Nothing past the line containing "have NTT : (edge_count" belongs in the output. Copy exactly every line of the data below from the first up to and including it.
____
Lemma le_half_sub (F : numFieldType) (c m : nat) : (4 * c <= m)%N ->
  c%:R <= m%:R / 2 - c%:R :> F.
Proof.
move=> c_le; rewrite -subr_ge0.
have -> : m%:R / 2 - c%:R - c%:R = (m - 4 * c)%:R / 2 :> F.
  by rewrite natrB // natrM; field.
by rewrite divr_ge0 ?ler0n.
Qed.

Lemma indicator_plane_psd (C : numClosedFieldType) n (e : rel 'I_n) k
    (S : {set 'I_n}) (a b : C) :
  simple_graph e -> regular e k ->
  (cut_size e S < k)%N -> (k < #|S|)%N -> (k < #|~: S|)%N ->
  0 <= quad_form (adjmx C e - (k%:R / 2)%:M)
                 (a *: indicator_row C S + b *: indicator_row C (~: S)).
Proof.
move=> [sym _] reg cut_lt S_gt T_gt; set c := cut_size e S in cut_lt.
have NST : edge_count e S (~: S) = c by rewrite /c cut_size_edge_count.
have NTS : edge_count e (~: S) S = c by rewrite edge_count_sym.
have NSS : (edge_count e S S)%:R = (k * #|S|)%:R - c%:R :> C.
  by rewrite -(edge_count_setC S S reg) NST natrD addrK.
have NTT : (edge_count e (~: S) (~: S))%:R = (k * #|~: S|)%:R - c%:R :> C.
  by rewrite -(edge_count_setC (~: S) (~: S) reg) setCK NTS natrD addrK.
rewrite quad_form_comb2 ?indicator_row_trC // !adjmx_indicator_form.
rewrite !setIid setICr (setIC (~: S)) setICr cards0 !mulr0n !subr0.
rewrite NSS NTT NST NTS.
pose al : C := (k * #|S|)%:R / 2 - c%:R.
pose ga : C := (k * #|~: S|)%:R / 2 - c%:R.
have -> : a * a^* * ((k * #|S|)%:R - c%:R - k%:R / 2 *+ #|S|) + a * b^* * c%:R
    + b * a^* * c%:R + b * b^* * ((k * #|~: S|)%:R - c%:R - k%:R / 2 *+ #|~: S|)
    = a * a^* * al + (a * b^* + a^* * b) * c%:R + b * b^* * ga.
  by rewrite /al /ga !natrM; field.
have c_le_al : c%:R <= al by apply/le_half_sub/four_mul_le.
have c_le_ga : c%:R <= ga by apply/le_half_sub/four_mul_le.
apply: hermitian_form2_ge0; rewrite ?realn //.
- exact: le_trans (ler0n _ _) c_le_al.
- exact: le_trans (ler0n _ _) c_le_ga.
- by rewrite expr2 ler_pM ?ler0n.
Qed.

Lemma count_sorted_ge_le1 (R : realDomainType) (s : seq R) (m : R) :
  sorted (fun a b => b <= a) s -> s`_1 < m ->
  (count (fun x => ~~ (x < m)%R) s <= 1)%N.
Proof.
case: s => [|x [|y s]] //=; first by rewrite addn0 leq_b1.
move=> /andP[_ path_y] y_lt.
have /allP s_le_y := order_path_min (rev_trans le_trans) path_y.
rewrite y_lt (eq_in_count (a2 := pred0)) ?count_pred0 ?addn0 ?leq_b1 //.
by move=> z /s_le_y z_le; rewrite /= (le_lt_trans z_le y_lt).
Qed.

Theorem lemma3p5 (R : realType) (l : R) (hl : l < 2^-1) :
  exists N : nat, forall (n : nat) (e : rel 'I_n) (k : nat),
    simple_graph e -> regular e k -> normalized_lambda2 e k l ->
    (N <= n)%N ->
    forall S : {set 'I_n}, S != set0 -> S != setT ->
      (k <= cut_size e S)%N.
Proof.
exists 0%N => n e k simple_e reg [s [s_sorted charA l_def]] _ S S_neq0 S_neqT.
have [sym irr] := simple_e; rewrite leqNgt; apply/negP => cut_lt.
have S_gt0 : (0 < #|S|)%N by rewrite card_gt0.
have T_gt0 : (0 < #|~: S|)%N.
  by rewrite card_gt0; apply: contraNneq S_neqT => T0; rewrite -[S]setCK T0 setC0.
have [S_le|S_gt] := leqP #|S| k.
  by move: cut_lt; rewrite ltnNge (cut_size_small_side irr reg S_gt0 S_le).
have [T_le|T_gt] := leqP #|~: S| k.
  move: cut_lt; rewrite ltnNge -(cut_size_setC S sym).
  by rewrite (cut_size_small_side irr reg T_gt0 T_le).
have k_gt0 : (0 < k)%N := leq_ltn_trans (leq0n _) cut_lt.
have s1_lt : s`_1 < k%:R / 2.
  by move: hl; rewrite l_def ltr_pdivrMr ?ltr0n // mulrC.
have mu_C : real_complex R (k%:R / 2) = k%:R / 2 :> R[i].
  by rewrite rmorphM fmorphV /= !rmorph_nat.
have := count_sorted_ge_le1 s_sorted s1_lt; apply/negP; rewrite -ltnNge.
under eq_count do rewrite -ltcR mu_C.
rewrite -(count_map (real_complex R) (fun x => ~~ (x < k%:R / 2))).
apply: (hermitian_psd_plane_count (adjmx_hermitian _ sym)).
- rewrite -(map_adjmx (real_complex R)) -map_char_poly charA.
  by rewrite map_prod_XsubC big_map.
- exact: (indicator_row_setC_free S_neq0 S_neqT).
- by move=> a b; apply: indicator_plane_psd.
Qed.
____
WRITTEN ANSWER:
Lemma le_half_sub (F : numFieldType) (c m : nat) : (4 * c <= m)%N ->
  c%:R <= m%:R / 2 - c%:R :> F.
Proof.
move=> c_le; rewrite -subr_ge0.
have -> : m%:R / 2 - c%:R - c%:R = (m - 4 * c)%:R / 2 :> F.
  by rewrite natrB // natrM; field.
by rewrite divr_ge0 ?ler0n.
Qed.

Lemma indicator_plane_psd (C : numClosedFieldType) n (e : rel 'I_n) k
    (S : {set 'I_n}) (a b : C) :
  simple_graph e -> regular e k ->
  (cut_size e S < k)%N -> (k < #|S|)%N -> (k < #|~: S|)%N ->
  0 <= quad_form (adjmx C e - (k%:R / 2)%:M)
                 (a *: indicator_row C S + b *: indicator_row C (~: S)).
Proof.
move=> [sym _] reg cut_lt S_gt T_gt; set c := cut_size e S in cut_lt.
have NST : edge_count e S (~: S) = c by rewrite /c cut_size_edge_count.
have NTS : edge_count e (~: S) S = c by rewrite edge_count_sym.
have NSS : (edge_count e S S)%:R = (k * #|S|)%:R - c%:R :> C.
  by rewrite -(edge_count_setC S S reg) NST natrD addrK.
have NTT : (edge_count e (~: S) (~: S))%:R = (k * #|~: S|)%:R - c%:R :> C.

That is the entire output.